PSLT is a predictor of subcellular localization constructed on human sequences. To determine its predictive accuracy when applied to other organisms, we tested it on 2095 mouse proteins and 1612 proteins from yeast described in the Methods section. As shown in Table 5, the overall prediction accuracy of PSLT on this mouse data set is 84% and the coverage is 83%. These high accuracy and coverage values approach those of PSLT in the self-consistency test (Table 2). This is not surprising due to the generally high sequence identity between mouse and human. When PSLT trained on human sequences is used to predict yeast protein localizations, the overall prediction accuracy is 56% and the coverage is 53%. These results indicate the positive relationship between coverage/prediction accuracy and sequence similarity. This relationship is further corroborated by counting the total number of motifs in all proteins of each data set that are also present in proteins in the Hera human data set used to train the predictor. It can be shown that 87% of motifs found in the proteins of the mouse data set are also present in proteins in the Hera human data set as opposed to 70% for the motifs found in the yeast data set and 80% for the LIFEdb data set. Such a predictor achieves a higher prediction accuracy when considering proteins from species that are evolutionarily close to the sequences used to train the predictor. However, as more sequences become available for training, more motifs will be considered and the prediction accuracy and coverage will increase.

Table 5.
Prediction Accuracy of PSLT on Yeast and Mouse Proteins

Because PSLT is based on a probabilistic framework, it can output the probability that a protein is localized to each compartment (not only the most likely compartment).
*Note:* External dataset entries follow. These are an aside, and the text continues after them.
Lemma cyl_at_cons_disj p v b c : b != c ->
  cyl_at p (b :: v) `&` cyl_at p (c :: v) = set0.
Proof.
move=> nbc; apply/seteqP; split => x //=; rewrite !cyl_at_cons => -[[Eb _] [Ec _]].
by move: nbc; rewrite -Eb -Ec eqxx.
Qed.

End Cylinders.

Section SubshiftMeasurable.
Local Open Scope classical_set_scope.
Variables (A : finType) (a0 : A) (sig : nat -> A -> seq A).
Local Notation T := (fullshift A a0).

Definition window_in_language (i : int) (k : nat) : set T :=
  [set x | language sig (factor_at x i k)].

(* a finite union of cylinders *)
Lemma window_in_language_measurable i k :
  measurable (window_in_language i k : set (borel_shift a0)).
Proof.
have -> : window_in_language i k =
    \bigcup_(t in [set t : k.-tuple A | language sig t]) @cyl_at A a0 i t.
  apply/seteqP; split => x /=.
    move=> lang_x; have size_k : size (factor_at x i k) == k.
      by rewrite size_map size_iota.
    by exists (Tuple size_k) => //; apply/cyl_atP; rewrite /= (eqP size_k).
  move=> [t lang_t /cyl_atP]; rewrite size_tuple => E.
  by rewrite /window_in_language /= E.
apply: fin_bigcup_measurable; first exact: finite_finset.
by move=> t _; exact: cyl_at_measurable.
Qed.

(* the complement of X is a countable union of complements of windows *)
Lemma gen_subshiftC_measurable :
  measurable (~` @gen_subshift A a0 sig : set (borel_shift a0)).
Proof.
have -> : ~` @gen_subshift A a0 sig =
    \bigcup_(q : int * nat) ~` window_in_language q.1 q.2.
  apply/seteqP; split => x /=.
    by move/existsNP => [i /existsNP [k notin]]; exists (i, k).
  by move=> [[i k] _ notin] inX; apply: notin; exact: inX.
apply: countable_bigcupT_measurable; first exact: countableP.
by move=> q; apply: measurableC; exact: window_in_language_measurable.
Qed.

End SubshiftMeasurable.

Section FiniteAdditivity.
Local Open Scope classical_set_scope.
Local Open Scope ring_scope.

Lemma measure_big_setU d (T : measurableType d) (R : realType)
    (mu : {measure set T -> \bar R}) (I : choiceType) (C : I -> set T) (s : seq I) :
  uniq s -> (forall i, measurable (C i)) ->
  (forall i j, i != j -> C i `&` C j = set0) ->
  mu (\big[setU/set0]_(i <- s) C i) = (\sum_(i <- s) mu (C i))%E.
Proof.
move=> + mC disjC; elim: s => [|c s IH]; first by rewrite !big_nil measure0.
move=> /= /andP [c_notin uniq_s]; rewrite !big_cons measureU //.
- by congr (_ + _)%E; exact: IH.
- exact: bigsetU_measurable.
rewrite -bigcup_seq; apply/seteqP; split => x //= [Cx [i si Ci]].
have nci : c != i by apply: contraNneq c_notin => ->.
by have := disjC _ _ nci; move/seteqP => [/(_ x (conj Cx Ci))].
Qed.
Although for most proteins there is a single compartment that has a high likelihood, there do exist some proteins for which there is an (almost) equally high likelihood for several compartments. If PSLT is allowed to predict the two most likely compartments for each protein (referred to as the second-best test in Tables Tables2,2, ,3,3, ,5)5) in the yeast data set, the accuracy of our framework for predicting the correct localization increases to 71% as determined by an independent data set test with a coverage of 54%. As shown in Table 2, when PSLT is allowed to predict the two most likely compartments for each protein in the Hera human data set, the accuracy is 86% by 10-fold cross validation test and 97% by the self-consistency test. When the second-best test is used on the mouse data set, with PSLT trained on human proteins, the prediction accuracy is 92% as shown in Table 5. The Hera data set contains relatively few multicompartmental proteins (shown in Table 1). It is probable that some of the proteins predicted by PSLT to be multicompartmental are in fact multicompartmental proteins even though they are annotated as residing in only one compartment in public databases.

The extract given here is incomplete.